Phase 6 enforces a structural invariant: control flow operations must be the last instruction in their basic block. If a branch, jump, return, or exit instruction is followed by other instructions in the same block (which can happen during lowering passes), this phase splits the block at the control-flow instruction. New basic block entries are allocated and the instruction linked list is rewritten.

This invariant is required by all downstream passes -- the scheduler and register allocator assume that only the final instruction in a block can be a control-flow transfer.

Reverse Post-Order (RPO) Computation

RPO is computed by sub_BDE150 (CFG::computeRPO), a 9KB function that implements iterative DFS using an explicit stack.

RPO Storage

The array is resized with the standard ptxas growth policy: new_capacity = old + (old + 1) / 2, with a minimum of num_blocks + 1. Growth is implemented in sub_BDFB10.

Algorithm

The RPO computation uses a standard iterative DFS with post-order numbering:

function computeRPO(cfg, entry_block):
    stack = [entry_block]           // Explicit stack at offset +88..+100
    visited = new BitArray(num_blocks)  // At offset +16..+40
    in_stack = new BitArray(num_blocks) // At offset +40
    counter = num_blocks            // Decremented as blocks complete

    while stack is not empty:
        bix = stack.top()
        if visited[bix]:
            stack.pop()
            rpo_number[bix] = counter  // *(cfg+64)[bix] = counter
            rpo_array[counter] = bix   // *(*(cfg+720))[counter] = bix
            counter--
            continue

        visited[bix] = true
        for each successor s of bix (via hash map lookup):
            if not visited[s]:
                stack.push(s)

    return counter  // Should be -1 if all blocks reachable

The key assignment line from the decompilation:

*(_DWORD *)(*(_QWORD *)(a1 + 64) + 4 * v16) = *a3;           // rpo_number[bix] = counter
*(_DWORD *)(*(_QWORD *)(*(_QWORD *)a1 + 720) + 4 * (*a3)--) = v16;  // rpo_array[counter--] = bix

After completion, rpo_array[0] is the entry block, and rpo_array[num_blocks] is the deepest post-dominator (typically the EXIT block).

RPO Debug Dump

sub_BDEA50 (CFG::dumpRPOAndBackedges) prints the RPO state:

Showing RPO state for each basic block:
    bix0 -> RPONum: 0
    bix1 -> RPONum: 1
    bix2 -> RPONum: 3
    bix3 -> RPONum: 2
RPO traversal order: [0, 1, 3, 2]
Showing backedge info:
    bix2 -> backedge's successor BB: 1

This output is gated by option flag #24 at offset +1728 relative to the options manager.
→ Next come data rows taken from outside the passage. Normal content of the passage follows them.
Lemma minimizing_seq (R : realType) (T : Type) (P : T -> Prop) (f : T -> R) (m : R) :
  (exists x, P x) -> (forall x, P x -> m <= f x) ->
  exists (d : R) (F : nat -> T), [/\ forall x, P x -> d <= f x,
    forall k, P (F k) & forall k, f (F k) < d + k.+1%:R^-1].
Proof.
move=> [x0 Px0] fm; pose E := [set f x | x in P].
have infE : has_inf E by split; [exists (f x0), x0|exists m => _ [x Px <-]; apply: fm].
have approx k : exists x, P x /\ f x < inf E + k.+1%:R^-1.
  have kp : 0 < (k.+1%:R : R)^-1 by rewrite invr_gt0.
  by have [_ [x Px <-] lt] := inf_adherent kp infE; exists x.
have [F hF] := choice approx; exists (inf E), F; split=> [x Px|k|k]; last 2 first.
- by case: (hF k).
- by case: (hF k).
by apply: (ge_inf infE.2); exists x.
Qed.

Section ClosedGraph.
Variables (R : realType) (V W : lmodType R[i]).
Variables (ip : V -> V -> R[i]) (ipW : W -> W -> R[i]).
Variables (S : V -> V -> Prop) (c : R) (Q : V -> W).
Hypotheses (hilbertV : is_hilbert ip) (hilbertW : is_hilbert ipW).
Hypotheses (linS : linrel S) (reprQ : representing_map ip ipW S c Q).
Local Notation C := R[i].

Lemma S_comb a f f' g g' : S f f' -> S g g' -> S (a *: f + g) (a *: f' + g').
Proof. by case: linS => _; apply. Qed.

Lemma S_sub f f' g g' : S f f' -> S g g' -> S (f - g) (f' - g').
Proof. by move=> Sf Sg; have := S_comb (-1) Sg Sf; rewrite !scaleN1r !(addrC (- _)). Qed.

Lemma rdom0 : rdom S 0.
Proof. by case: linS => S00 _; exists 0. Qed.

Lemma rdom_comb a x y : rdom S x -> rdom S y -> rdom S (a *: x + y).
Proof. by move=> [x' Sx] [y' Sy]; exists (a *: x' + y'); apply: S_comb. Qed.

Lemma rdom_sub x y : rdom S x -> rdom S y -> rdom S (x - y).
Proof. by move=> [x' Sx] [y' Sy]; exists (x' - y'); apply: S_sub. Qed.

Lemma Q_comb a x y : rdom S x -> rdom S y -> Q (a *: x + y) = a *: Q x + Q y.
Proof. by case: reprQ => linQ _; apply: linQ. Qed.

Lemma Q_sub x y : rdom S x -> rdom S y -> Q (x - y) = Q x - Q y.
Proof. by move=> dx dy; have := Q_comb (-1) dy dx; rewrite !scaleN1r !(addrC (- _)). Qed.

Lemma Q0 : Q 0 = 0.
Proof.
have := Q_comb 1 rdom0 rdom0; rewrite !scale1r addr0.
by move/(congr1 (fun w => w - Q 0)); rewrite subrr addrK.
Qed.

Lemma Q_repr f f' g : S f f' -> rdom S g ->
  ip f' g = c%:C * ip f g + ipW (Q f) (Q g).
Proof. by case: reprQ => _; apply. Qed.

Lemma ip_diag_repr f f' : S f f' ->
  ip f' f = (c * sqnorm ip f + sqnorm ipW (Q f))%:C.
Proof.
move=> Sf; rewrite (Q_repr Sf); last by exists f'.
by rewrite (ip_sqnorm hilbertV) (ip_sqnorm hilbertW) -rmorphM -rmorphD.
Qed.

Lemma ip_shift_repr f f' : S f f' -> ip (f' - c%:C *: f) f = (sqnorm ipW (Q f))%:C.
Proof.
move=> Sf; rewrite (ipBl hilbertV) (ipZl hilbertV) (ip_diag_repr Sf).
by rewrite (ip_sqnorm hilbertV) -rmorphM -rmorphB addrAC subrr add0r.
Qed.

Definition graphQbar (x : V) (w : W) : Prop :=
  exists u : nat -> V, [/\ forall n, rdom S (u n), converges ip u x &
                           converges ipW (fun n => Q (u n)) w].

Lemma graphQbar_dom x : rdom S x -> graphQbar x (Q x).
Proof.
by move=> dx; exists (fun=> x); split => //; apply: converges_cst.
Qed.

Lemma graphQbar_comb a x y w z : graphQbar x w -> graphQbar y z ->
  graphQbar (a *: x + y) (a *: w + z).
Proof.
move=> [u [du cu qu]] [v [dv cv qv]]; exists (fun n => a *: u n + v n); split.
- by move=> n; apply: rdom_comb.
- exact: converges_comb.
- by under eq_fun do rewrite Q_comb //; apply: converges_comb.
Qed.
Backedge Detection and Loop Identification

Backedges are identified during CFG::buildAndAnalyze (sub_BE0690, 54KB). A backedge from block src to block dst exists when dst has already been visited in the DFS traversal (i.e., dst has a smaller or equal RPO number than src). Backedges are stored in the hash map at Code Object +680.

Natural Loop Detection

The LoopStructurePass (sub_78B430) combines RPO numbering with backedge analysis to identify natural loops:

1. Calls sub_781F80 (BasicBlockAnalysis) to compute RPO numbers and dominance.
2. Iterates the bb_array at Code Object +296.
3. For each block, checks if rpo_number (+144) is non-zero and equals the value at +152 (loop exit RPO marker). Combined with a branch opcode check (opcode & 0xFFFFFFFD == 0x5D = BRA or conditional branch), this identifies loop header blocks.
4. Walks the predecessor list to find the backedge source -- the predecessor with the largest RPO number that is still less than the header's RPO.
5. Walks the successor list to find the loop latch -- the successor with the smallest RPO number greater than the loop preheader's RPO.
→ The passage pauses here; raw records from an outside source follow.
Lemma bounded_set_normr_le : bounded_set W -> exists K : R, forall y, W y -> `|y| <= K.
Proof. by case=> K [_ WK]; exists (K + 1) => y Wy; apply: (WK (K + 1)) => //; lra. Qed.

End Window.

Section CutAndProject.
Variables (R : realType) (n m : nat) (L : 'M[R]_(n + m)).
Hypothesis par_inj : {in lattice L &, injective (@pi_par R n m)}.
Hypothesis perp_dense : dense (@pi_perp R n m @` lattice L).

Lemma lattice_perp_near (y : 'cV[R]_m) e : 0 < e ->
  exists2 l, lattice L l & `|y - pi_perp l| < e.
Proof.
move=> e_gt0.
have [|z [near_y [l Ll lz]]] := perp_dense (O := ball y e) _ (ball_open _ _).
  by exists y; exact: ballxx.
by exists l; rewrite // lz; move: near_y; rewrite -ball_normE.
Qed.

Lemma lattice_sum_ind (P : 'cV[R]_(n + m) -> Prop) d : 0 < d ->
  (forall l, lattice L l -> `|pi_perp l| < d -> P l) ->
  (forall x y, lattice L x -> lattice L y -> P x -> P y -> P (x + y)) ->
  forall l, lattice L l -> P l.
Proof.
move=> d_gt0 P_small P_add.
suff P_ball k l : lattice L l -> `|pi_perp l| < k.+1%:R * d -> P l.
  move=> l Ll; apply: (P_ball (Num.truncn (`|pi_perp l| / d))) => //.
  by rewrite -ltr_pdivrMr // truncnS_gt.
elim: k l => [|k IHk] l Ll l_lt; first by apply: P_small; rewrite // mul1r in l_lt.
set v := pi_perp l; set b : R := k.+2%:R^-1.
have b_gt0 : 0 < b by rewrite invr_gt0.
have b_lt1 : b < 1 by rewrite invf_lt1 // ltr1n.
have bd : b * (k.+2%:R * d) = d by rewrite mulrA mulVf ?mul1r.
have k2 : k.+2%:R = k.+1%:R + 1 :> R by rewrite -natr1.
(* A lattice point [p] with [pi_perp p] near [(1 - b) v] splits [l] as
   [(l - p) + p] with [pi_perp (l - p)] of norm [< d] and [pi_perp p] of norm
   [< k.+1 * d]. *)
have [z [[near0 nearv] [p Lp pz]]] :
    (ball 0 (k.+1%:R * d) `&` ball v d) `&` (@pi_perp R n m @` lattice L) !=set0.
  apply: perp_dense; last exact: openI (ball_open _ _) (ball_open _ _).
  exists ((1 - b) *: v); rewrite -!ball_normE /= sub0r normrN normrZ.
  rewrite scalerBl scale1r opprB addrCA subrr addr0 normrZ !ger0_norm ?subr_ge0 ?ltW //.
  split; last by rewrite -bd ltr_pM2l.
  have : (1 - b) * `|v| < (1 - b) * (k.+2%:R * d) by rewrite ltr_pM2l ?subr_gt0.
  by rewrite !mulrBl !mul1r bd k2; lra.
move: near0 nearv; rewrite -pz -!ball_normE /= sub0r normrN => near0 nearv.
rewrite -(subrK p l); apply: P_add => //; first exact: lattice_sub.
  by apply: P_small; [exact: lattice_sub | rewrite pi_perpB].
exact: IHk.
Qed.

Variables (W : set 'cV[R]_m) (A : 'M[R]_n).
Hypothesis AW : (fun x => A *m x) @` cps_set L W `<=` cps_set L W.
Variables (c : 'cV[R]_m) (d : R).
Hypotheses (d_gt0 : 0 < d) (ball_W : forall y, `|c - y| < d -> W y).

Lemma lattice_window_ball : exists l0, [/\ lattice L l0, W (pi_perp l0) &
  forall l, `|pi_perp l| < d / 2 -> W (pi_perp (l0 + l))].
Proof.
have [l0 Ll0 near_c] := lattice_perp_near c (divr_gt0 d_gt0 (ltr0Sn _ 1)).
exists l0; split=> [||l l_small]; [by [] | apply: ball_W (lt_le_trans near_c _) |].
  by rewrite ler_pdivrMr // ler_peMr ?ltW //; lra.
apply: ball_W; rewrite pi_perpD opprD addrA.
by apply: le_lt_trans (ler_normB _ _) _; lra.
Qed.
(* Let $a_i:\mathbb{R}^n\to\mathbb{R}$ be convex and $L_a$-smooth, and suppose there exist $C_0>0$, $C_1\ge0$ with $\|\nabla a_i(x)\|_2^2\le C_0+C_1|a_i(x)|$ for all $x\in\mathbb{R}^n$. Then for every $\delta>0$, the function $x\mapsto p_\delta(a_i(x))$ is $\left(L_a+\frac{C_1}{4}+\frac{C_0}{4\delta}\right)$-smooth, i.e., its gradient is Lipschitz with this constant in the Euclidean norm.
   Context: $p_\delta(t)=\delta\log(1+\exp(t/\delta))$ is the softplus function with parameter $\delta>0$. A function is $L$-smooth if its gradient is $L$-Lipschitz w.r.t. $\|\cdot\|_2$. *)

From HB Require Import structures.
From mathcomp Require Import all_boot all_order all_algebra.
From mathcomp Require Import all_classical all_reals all_analysis.
Set Implicit Arguments. Unset Strict Implicit. Unset Printing Implicit Defensive.
Import Order.TTheory GRing.Theory Num.Theory.
Import numFieldNormedType.Exports.
Local Open Scope ring_scope.

(* Euclidean norm on R^n (the default norm on 'rV_n in the library is the sup norm). *)
Definition norm2 {R : realType} {n : nat} (v : 'rV[R]_n) : R :=
  Num.sqrt (\sum_(i < n) v 0 i ^+ 2).

Definition grad {R : realType} {n : nat} (f : 'rV[R]_n -> R) (x : 'rV[R]_n)
  : 'rV[R]_n := \row_(i < n) derive f x (delta_mx 0 i).

Definition L_smooth {R : realType} {n : nat} (L : R) (f : 'rV[R]_n -> R) : Prop :=
  (forall x, differentiable f x) /\
  (forall x y, norm2 (grad f x - grad f y) <= L * norm2 (x - y)).

Definition convex_fun {R : realType} {n : nat} (f : 'rV[R]_n -> R) : Prop :=
  forall (x y : 'rV[R]_n) (t : R), 0 <= t -> t <= 1 ->
    f (t *: x + (1 - t) *: y) <= t * f x + (1 - t) * f y.

Definition softplus {R : realType} (delta t : R) : R :=
  delta * ln (1 + expR (t / delta)).

From HB Require Import structures.
From mathcomp Require Import all_boot all_order all_algebra.
From mathcomp Require Import all_classical all_reals all_analysis.
From mathcomp Require Import ring lra.
Import Order.TTheory GRing.Theory Num.Theory.
Import numFieldNormedType.Exports.
Local Open Scope ring_scope.

Set Implicit Arguments. Unset Strict Implicit. Unset Printing Implicit Defensive.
The RPO range [header_rpo, exit_rpo] defines the set of blocks belonging to the loop body. A block with header_rpo <= block_rpo <= exit_rpo is inside the loop.

LoopMakeSingleEntry Transformation

If a natural loop has multiple entry points, sub_78B430 transforms it into a single-entry loop. This is gated by:

• The LoopMakeSingleEntry pass-disable check (via sub_799250)
• Knob 487 (queried via the knob vtable at +152)

Two code paths handle different branch types:

• Opcode 93 (OUT_FINAL in the ROT13 name table; used here as a control-flow boundary marker): Calls sub_9253C0 to rewrite the branch target
• Conditional branches: Calls sub_748BF0 to insert a new preheader block and redirect edges

After transformation, sub_931920 is called to split blocks and update the instruction list.

Dominance

Dominance is computed by sub_BE2330 (4KB) and/or within sub_781F80 (12KB, BasicBlockAnalysis). The implementation uses bitvector operations -- each block has a bitvector of dominators, and the fixpoint iteration proceeds in RPO order.

The bitvector layout used by the dominator computation:

Evidence for an iterative dataflow approach (rather than Lengauer-Tarjan) comes from the function sizes and patterns: sub_781F80 at 12KB and sub_BE2330 at 4KB are both small enough that they likely implement the simple iterative algorithm:

dom[entry] = {entry}
for all other blocks b: dom[b] = all_blocks

repeat until no changes:
    for each block b in RPO order (skip entry):
        dom[b] = {b} union (intersection of dom[p] for all predecessors p)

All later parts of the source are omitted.